(* Let $\mathcal{F}:\mathcal{C}\to\mathcal{C}$ be an arbitrary covariant or contravariant functor, and let $X$ be a connected space on which a group $G$ acts by homeomorphisms. Then for every positive integer $n$, the space $(\mathbb{T}(n)\mathcal{F})(X)$ is also a $G$-space, with $g\in G$ acting by the map induced (functorially in the sense below) by the homeomorphism $g:X\to X$.
   Context: $\mathcal{C}$ is the category of topological spaces and continuous maps; connected spaces are tacitly assumed to have a good covering space theory. For a covering $X'\to X$, $\mathcal{D}(X'/X)$ (all deck transformations) acts on $\mathcal{F}(X')$ through $\mathcal{F}$. The geometric Hecke operator is $(\mathbb{T}(n)\mathcal{F})(X)=\coprod_{[X'\to X]}\mathcal{F}(X')/\mathcal{D}(X'/X)$ over isomorphism classes of connected $n$-sheeted coverings. A map $f:X\to Y$ of connected spaces inducing an isomorphism on $\pi_1$ induces a map $(\mathbb{T}(n)\mathcal{F})(X)\to(\mathbb{T}(n)\mathcal{F})(Y)$ (for covariant $\mathcal{F}$; the opposite direction for contravariant $\mathcal{F}$) as follows: for a connected $n$-sheeted covering $p:(X',x_0')\to(X,x_0)$, take the connected covering $(Y',y_0')\to(Y,f(x_0))$ corresponding to $f_*(p_*\pi_1(X',x_0'))$ and the lift $\tilde f:X'\to Y'$ of $f$ with $\tilde f(x_0')=y_0'$; then $\mathcal{F}(\tilde f)$ induces the map on the corresponding summands. This induced map is independent of choices and compatible with composition. *)

From HB Require Import structures.
From mathcomp Require Import all_boot all_order all_algebra.
From mathcomp Require Import all_classical all_reals.
From mathcomp Require Import topology Rstruct Rstruct_topology.

Set Implicit Arguments.
Unset Strict Implicit.
Unset Printing Implicit Defensive.

Import Order.TTheory GRing.Theory Num.Theory.
Local Open Scope classical_set_scope.
Local Open Scope ring_scope.

Notation R := Rdefinitions.R.
Definition unitI : set R := `[0%R, 1%R].

Definition is_path (T : topologicalType) (a b : T) (gam : R -> T) : Prop :=
  {within unitI, continuous gam} /\ gam 0%R = a /\ gam 1%R = b.

Definition path_homotopic (T : topologicalType) (a b : T) (gam del : R -> T) : Prop :=
  is_path a b gam /\ is_path a b del /\
  exists H : R * R -> T,
    {within unitI `*` unitI, continuous H} /\
    (forall s, unitI s -> H (s, 0%R) = gam s) /\
    (forall s, unitI s -> H (s, 1%R) = del s) /\
    (forall t, unitI t -> H (0%R, t) = a) /\
    (forall t, unitI t -> H (1%R, t) = b).

Definition loops (T : topologicalType) (a : T) : set (R -> T) :=
  [set gam | is_path a a gam].

(* image under f_* of a (homotopy-saturated) set S of loops at a, as the
   set of loops at f a homotopic to f o gam for some gam in S; this
   represents the subgroup f_*(S) of pi_1(U, f a) *)
Definition push (T U : topologicalType) (f : T -> U) (a : T)
    (S : set (R -> T)) : set (R -> U) :=
  [set del | exists2 gam, S gam & path_homotopic (f a) (f a) del (f \o gam)].

(* p_* pi_1(X', x0') as a set of loops at p x0' *)
Definition pi1_image (T U : topologicalType) (p : T -> U) (x0 : T) : set (R -> U) :=
  push p x0 (loops x0).

Definition locally_path_connected (T : topologicalType) : Prop :=
  forall (x : T) (N : set T), nbhs x N ->
    exists V : set T, [/\ open V, V x, V `<=` N &
      forall y z, V y -> V z ->
        exists gam, is_path y z gam /\ gam @` unitI `<=` V].

Definition semilocally_simply_connected (T : topologicalType) : Prop :=
  forall x : T, exists U : set T, nbhs x U /\
    forall gam, is_path x x gam -> gam @` unitI `<=` U ->
      path_homotopic x x gam (fun _ => x).

Definition homeo_onto (T U : topologicalType) (p : T -> U) (V : set T) (W : set U) :=
  set_inj V p /\ p @` V = W /\
  (forall O : set T, open O -> O `<=` V -> open (p @` O)).

Definition is_covering (T U : topologicalType) (p : T -> U) : Prop :=
  continuous p /\
  forall x : U, exists W : set U, [/\ open W, W x &
    exists S : set (set T),
      [/\ (forall V, S V -> open V /\ homeo_onto p V W),
          (forall V V', S V -> S V' -> V `&` V' !=set0 -> V = V') &
          p @^-1` W = \bigcup_(V in S) V]].

Definition n_sheeted (n : nat) (T U : topologicalType) (p : T -> U) : Prop :=
  forall x : U, (p @^-1` [set x] #= [set: 'I_n])%card.

(* connected n-sheeted coverings of X (all total spaces in C) *)
Definition NCov (n : nat) (X : topologicalType) : Type :=
  {Xp : topologicalType &
    {p : Xp -> X | [/\ is_covering p, connected [set: Xp] & n_sheeted n p]}}.

Definition cov_sp n X (c : NCov n X) : topologicalType := projT1 c.
Definition cov_map n X (c : NCov n X) : cov_sp c -> X := proj1_sig (projT2 c).
Arguments cov_map {n X} c.
Arguments cov_sp {n X} c.

Definition homeomorphism (T U : topologicalType) (phi : T -> U) : Prop :=
  continuous phi /\ exists psi : U -> T,
    [/\ continuous psi, cancel phi psi & cancel psi phi].

Definition cov_iso n X (c d : NCov n X) (phi : cov_sp c -> cov_sp d) : Prop :=
  homeomorphism phi /\ cov_map d \o phi = cov_map c.

(* Functors C -> C (covariant / contravariant).  The action on maps is  *)
(* given on all functions; only its values on continuous maps matter.  *)

Record cofunctor := CoFunctor {
  coF : topologicalType -> topologicalType;
  coFmap : forall X Y : topologicalType, (X -> Y) -> coF X -> coF Y;
  coFmap_cont : forall (X Y : topologicalType) (f : X -> Y),
      continuous f -> continuous (coFmap f);
  coFmap_id : forall X : topologicalType, coFmap (@id X) = id;
  coFmap_comp : forall (X Y Z : topologicalType) (f : X -> Y) (g : Y -> Z),
      continuous f -> continuous g -> coFmap (g \o f) = coFmap g \o coFmap f
}.

Arguments coFmap c {X Y}.

Record contrafunctor := ContraFunctor {
  ctF : topologicalType -> topologicalType;
  ctFmap : forall X Y : topologicalType, (X -> Y) -> ctF Y -> ctF X;
  ctFmap_cont : forall (X Y : topologicalType) (f : X -> Y),
      continuous f -> continuous (ctFmap f);
  ctFmap_id : forall X : topologicalType, ctFmap (@id X) = id;
  ctFmap_comp : forall (X Y Z : topologicalType) (f : X -> Y) (g : Y -> Z),
      continuous f -> continuous g -> ctFmap (g \o f) = ctFmap f \o ctFmap g
}.

Arguments ctFmap c {X Y}.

TASK = Take the lines above from the one containing "exists S : set" down to the one containing "forall x : U, (p", and transcribe them exactly, both ends included.

WRITTEN REPLY =
    exists S : set (set T),
      [/\ (forall V, S V -> open V /\ homeo_onto p V W),
          (forall V V', S V -> S V' -> V `&` V' !=set0 -> V = V') &
          p @^-1` W = \bigcup_(V in S) V]].

Definition n_sheeted (n : nat) (T U : topologicalType) (p : T -> U) : Prop :=
  forall x : U, (p @^-1` [set x] #= [set: 'I_n])%card.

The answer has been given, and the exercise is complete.